README.md
In jcpsantiago/sagemaker-multimodel-R: Sagemaker Multi Model API

Sagemaker Multi-Model Server for R

Sagemaker is AWS's machine learning product. It is mostly targeted at Python users, but it's possible to deploy and train models using any language via docker containers.

This package is an implementation of the API contract for handling multiple models in the same Sagemaker Endpoint. It uses Plumber and a dummy XGBoost model.

Everything is a WORK IN PROGRESS and subject to change!

Use this implementation of the Multi-Model server if you want to use Sagemaker and:

your pipeline (training/feature eng) is in R and you want to keep it that way
serve multiple models in one instance to save costs
want to use a different version or a model not available from AWS

To use the server locally build the docker container and launch it:

docker build -t sagemaker-multimodel-server . && \
docker run -p 8080:8080 sagemaker-multimodel-server serve

tell the container to load a model (modify the path first!):

curl --location --request POST 'http://localhost:8080/models' \
--header 'Content-Type: application/json' \
--data-raw '{
    "model_name": "no_cyl",
    "url": "<local path to the repo>/example_models/no_cyl/model"
}'

you should receive a 200, which means the container is ready for scoring:

curl --location --request POST 'http://localhost:8080/models/no_cyl/invoke' \
--header 'Content-Type: application/json' \
--data-raw '{
    "data_for_inference": [
        {
            "mpg": 21,
            "disp": 160,
            "hp": 110,
            "drat": 3.90,
            "wt": 2.620,
            "qsec": 16.46,
            "vs": 0,
            "gear": 4,
            "carb": 4
        }
    ]
}'

I'll assume you have an AWS account and know how Sagemaker works in general. If you don't, please take a look at their docs.
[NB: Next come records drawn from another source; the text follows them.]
Lemma ref_val_nonincreasing : nonincreasing_seq r.
Proof.
apply/nonincreasing_seqP => j; have [k k_in ->] := ref_val_attained j.+1.
have [->|k_neq] := eqVneq k j.+1; first exact: iterateS_le_ref_val.
by apply: ref_val_ge; lia.
Qed.

Lemma phi_iterate_le j : phi (w j) <= phi w0.
Proof.
apply: le_trans (phi_le_ref_val j) (le_trans (ref_val_nonincreasing (leq0n j)) _).
have [k] := ref_val_attained 0; rewrite sub0n leqn0 => /eqP -> ->.
by rewrite run.1.
Qed.

Hypothesis phi_lbounded : exists lb, forall x, D x -> phi x <= phi w0 -> lb <= phi x.
Hypothesis phi_ucont : forall eps, 0 < eps -> exists2 delta, 0 < delta &
  forall x y, D x -> phi x <= phi w0 -> D y -> phi y <= phi w0 ->
    enorm (x - y) < delta -> `|phi x - phi y| < eps.

Definition ref_lim := inf (range r).

Lemma ref_val_lbounded : has_lbound (range r).
Proof.
have [lb lb_le] := phi_lbounded; exists lb => _ [j _ <-].
exact: le_trans (lb_le _ (D_iterate j) (phi_iterate_le j)) (phi_le_ref_val j).
Qed.

Lemma ref_val_cvg : r @ \oo --> ref_lim.
Proof. exact: nonincreasing_cvgn ref_val_nonincreasing ref_val_lbounded. Qed.

Lemma sqr_step_le_ref_gap j :
  sigma * gmin / 2 * dotp (step j) (step j) <= r j - phi (w j.+1).
Proof.
case/andP: sigma01 => sigma_gt0 _.
have coef_le : sigma * gmin / 2 <= sigma * gamma j / 2.
  by rewrite ler_pM2r ?invr_gt0 // ler_pM2l ?gamma_ge_gmin.
have := ler_wpM2r (dotpp_ge0 (step j)) coef_le; have := descent j; lra.
Qed.

Lemma phi_pred_near e : 0 < e -> exists2 eta, 0 < eta & exists N, forall i, (N <= i)%N ->
  `|phi (w i.+1) - ref_lim| < eta -> `|phi (w i) - ref_lim| < e.
Proof.
move=> e_gt0; case/andP: sigma01 => sigma_gt0 _.
have c_gt0 : 0 < sigma * gmin / 2 by rewrite divr_gt0 ?mulr_gt0.
have [delta delta_gt0 phi_close] := phi_ucont (divr_gt0 e_gt0 (ltr0n _ 2)).
have eta_gt0 : 0 < sigma * gmin / 2 * delta ^+ 2 / 2 by rewrite !divr_gt0 ?mulr_gt0.
have /cvgrPdist_lt/(_ _ eta_gt0) [N _ ref_near] := ref_val_cvg.
exists (Num.min (e / 2) (sigma * gmin / 2 * delta ^+ 2 / 2)).
  by rewrite lt_min eta_gt0 divr_gt0.
exists N => i /ref_near/=; rewrite distrC ltr_distl => /andP[_ ref_i].
rewrite lt_min => /andP[phiS_near_e phiS_near].
move: phiS_near; rewrite ltr_distl => /andP[phiS_i _].
have step_small : enorm (w i - w i.+1) < delta.
  rewrite /enorm -opprB dotpNN -(ger0_norm (ltW delta_gt0)) -sqrtr_sqr.
  rewrite ltr_sqrt ?exprn_gt0 // -(ltr_pM2l c_gt0).
  have := sqr_step_le_ref_gap i; lra.
have := phi_close _ _ (D_iterate i) (phi_iterate_le i) (D_iterate i.+1)
  (phi_iterate_le i.+1) step_small.
move=> phi_i; rewrite (splitr e); apply: le_lt_trans (ler_distD (phi (w i.+1)) _ _) _.
exact: ltrD.
Qed.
Example of a full implementation Image of AWS Sagemaker infrastructure

You'll need an Elastic Container Registry (ECR) repository to keep the docker image used in Sagemaker. After creating the repository build the image locally, then tag and push it to the ECR repository

> docker tag sagemaker-multimodel-server <aws_account_id>.dkr.ecr.<aws_region>.amazonaws.com/<your_repo>
> docker push <aws_account_id>.dkr.ecr.<aws_region>.amazonaws.com/<your_repo>

You'll also need an S3 bucket where you have to upload a .tar.gz archive containing the model.xgb file inside the example_models folder.

With these elements in place, you can now create a Sagemaker Model pointing to the ECR image and the S3 bucket, a Sagemaker Endpoint Configuration and finally a Sagemaker Endpoint.

To finally use the Endpoint you still need to create a Lambda to call the endpoint (no way to avoid Python here AFAIK):

import os
import boto3
import json

runtime = boto3.client('runtime.sagemaker')

def lambda_handler(event, context):

    response = runtime.invoke_endpoint(EndpointName = '<your_endpoint_name>',
                                       ContentType = 'application/json',
                                       Body = json.dumps(event),
                                       TargetModel  = 'no_cyl.tar.gz')

    result = json.loads(response['Body'].read().decode())

    return result

to test the whole setup add a test to the lambda using the same payload also used for local testing.